Does the Officer Get Qualified Immunity?

A complaint against the officer alleged that the officer used unreasonable force in violation of the 4th Amendment.  The question before the 11th Circuit Court of Appeals in Corbitt v. Vickers was whether this officer should get qualified immunity and the complaint should be dismissed. The district court denied the motion to dismiss. The 11th Circuit Court of Appeals reversed.

The Decision

Qualified immunity cases rest on whether the plaintiff can show that a constitutional right was violated and that it is clearly established that the action in question violates that right. A plaintiff can do this in three ways:

  • If existing precedent establishes that the conduct violates the constitutional right
  • If a broader principle should govern the unique circumstances of the case
  • The conduct obviously violates the constitution

The majority held that the circumstances supported a 4th Amendment claim. However, it found no relevant caselaw that would put the officer on notice that firing at a non-threatening dog with children around was unacceptable. Judge R. Lanier Anderson wrote for the majority that “there was no clearly established law making it apparent to any reasonable officer in Vickers’s shoes that his actions in firing at the dog and accidentally shooting SDC would violate the Fourth Amendment.” Therefore, it reversed the lower court’s decision.
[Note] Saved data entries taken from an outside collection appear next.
(* Let $\mathcal A$ be the set of admissible price systems and $I(p)=\int_X p^\sharp(x)\,d\mu(x)-\int_Y p^\flat(y)\,d\nu(y)$. Then $I$ is convex, and there exists $\bar p\in\mathcal A$ with $I(\bar p)=\inf_{p\in\mathcal A}I(p)$.
   Context: Standing setting. $X\subset\mathbb R^{d_1}$, $Y\subset\mathbb R^{d_2}$, $Z_0\subset\mathbb R^{d_3}$ compact; $\mu,\nu$ finite nonnegative Borel measures on $X,Y$. $u$ continuous on a neighbourhood of $X\times Z_0$, differentiable in $x$ with $D_xu$ continuous; $v$ continuous on a neighbourhood of $Y\times Z_0$, differentiable in $y$ with $D_yv$ continuous. $Z=Z_0\cup\{\varnothing_d\}\cup\{\varnothing_s\}$ with two distinct isolated extra points; $u(x,\varnothing_d)=0$, $u(x,\varnothing_s)=-1$, $v(y,\varnothing_s)=0$, $v(y,\varnothing_d)=1$. $b(z)=\max_x u(x,z)$, $a(z)=\min_y v(y,z)$, $Z_1=\{z\in Z:a(z)\le b(z)\}$, assumed non-empty. A price system is a continuous $p:Z\to\mathbb R$ with $p(\varnothing_d)=p(\varnothing_s)=0$; admissible if $a\le p\le b$ on $Z_1$. $p^\sharp(x)=\max_{z\in Z}\{u(x,z)-p(z)\}$, $p^\flat(y)=\min_{z\in Z}\{v(y,z)-p(z)\}$. *)

From HB Require Import structures.
From mathcomp Require Import all_boot all_order all_algebra.
From mathcomp Require Import all_classical all_reals all_analysis.
Set Implicit Arguments.
Unset Strict Implicit.
Unset Printing Implicit Defensive.
Import Order.TTheory GRing.Theory Num.Theory.
Import numFieldNormedType.Exports.
Local Open Scope classical_set_scope.
Local Open Scope ring_scope.

(* R^n with its Borel sigma-algebra (generated by the open sets of the
   normed space 'rV[R]_n); convertible to 'rV[R]_n. *)
Definition borelRV (R : realType) (n : nat) :=
  g_sigma_algebraType (@open 'rV[R]_n).

(* Z = Z0 u {empty_d} u {empty_s}: a point of R^{d3} or one of two extra
   (isolated) points. *)
Inductive Zpt (V : Type) := ZR of V | Zd | Zs.
Arguments Zd {V}.
Arguments Zs {V}.

Section Defs.
Variables (R : realType) (d1 d2 d3 : nat).
Local Notation V := 'rV[R]_d3.

Definition Zset (Z0 : set V) : set (Zpt V) :=
  [set z | match z with ZR z0 => Z0 z0 | _ => True end].

Definition uext (u : 'rV[R]_d1 -> V -> R) (x : 'rV[R]_d1) (z : Zpt V) : R :=
  match z with ZR z0 => u x z0 | Zd => 0 | Zs => -1 end.
Definition vext (v : 'rV[R]_d2 -> V -> R) (y : 'rV[R]_d2) (z : Zpt V) : R :=
  match z with ZR z0 => v y z0 | Zs => 0 | Zd => 1 end.

Definition bfun (X : set 'rV[R]_d1) (u : 'rV[R]_d1 -> V -> R) (z : Zpt V) : R :=
  sup [set uext u x z | x in X].
Definition afun (Y : set 'rV[R]_d2) (v : 'rV[R]_d2 -> V -> R) (z : Zpt V) : R :=
  inf [set vext v y z | y in Y].

Definition Z1set X Y Z0 u v : set (Zpt V) :=
  [set z | Zset Z0 z /\ afun Y v z <= bfun X u z].

(* price system: continuous on Z (the two extra points being isolated, this
   is continuity of the restriction to Z0), vanishing at the extra points *)
Definition price_system (Z0 : set V) (p : Zpt V -> R) : Prop :=
  {within Z0, continuous (fun z0 => p (ZR z0))} /\ p Zd = 0 /\ p Zs = 0.

Definition admissible X Y Z0 u v (p : Zpt V -> R) : Prop :=
  price_system Z0 p /\
  forall z, Z1set X Y Z0 u v z -> afun Y v z <= p z <= bfun X u z.

Definition psharp Z0 u (p : Zpt V -> R) (x : 'rV[R]_d1) : R :=
  sup [set uext u x z - p z | z in Zset Z0].
Definition pflat Z0 v (p : Zpt V -> R) (y : 'rV[R]_d2) : R :=
  inf [set vext v y z - p z | z in Zset Z0].

Definition Ifun (mu : {finite_measure set (borelRV R d1) -> \bar R})
  (nu : {finite_measure set (borelRV R d2) -> \bar R})
  (X : set 'rV[R]_d1) (Y : set 'rV[R]_d2) Z0 u v (p : Zpt V -> R) : R :=
  Rintegral mu (X : set (borelRV R d1)) (psharp Z0 u p : borelRV R d1 -> R)
  - Rintegral nu (Y : set (borelRV R d2)) (pflat Z0 v p : borelRV R d2 -> R).

End Defs.

(* f : R^{n} -> R^{m} -> R is continuous on a neighbourhood of A x B,
   differentiable in the first variable there, with continuous partial
   derivative D_1 f (expressed through all directional derivatives 'D_w). *)
Definition regular_first (R : realType) (n m : nat)
  (A : set 'rV[R]_n) (B : set 'rV[R]_m) (f : 'rV[R]_n -> 'rV[R]_m -> R) : Prop :=
  exists U : set ('rV[R]_n * 'rV[R]_m),
    [/\ open U, A `*` B `<=` U,
        (forall q, U q -> {for q, continuous (fun r => f r.1 r.2)}),
        (forall q, U q -> differentiable (fun x => f x q.2) q.1) &
        (forall (w : 'rV[R]_n) q, U q ->
           {for q, continuous (fun r => 'D_w (fun x => f x r.2) r.1)})].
In his dissent, Judge Charles R. Wilson wrote that “no competent officer would fire his weapon in the direction of a nonthreatening pet while that pet was surrounded by children” Therefore, the conduct obviously violates the constitution and qualified immunity should not apply.

A Heavy Burden

The case reinforces how difficult it can be to show that qualified immunity does not apply when previous caselaw has not addressed similar circumstances, at least in the 11th Circuit. The majority noted as much in its decision.

One can certainly question the wisdom at firing a gun at a dog – twice, with a pause between shots – while surrounded by children. But that questionable judgment does not negate the protection offered by qualified immunity, at least in the 11th Circuit.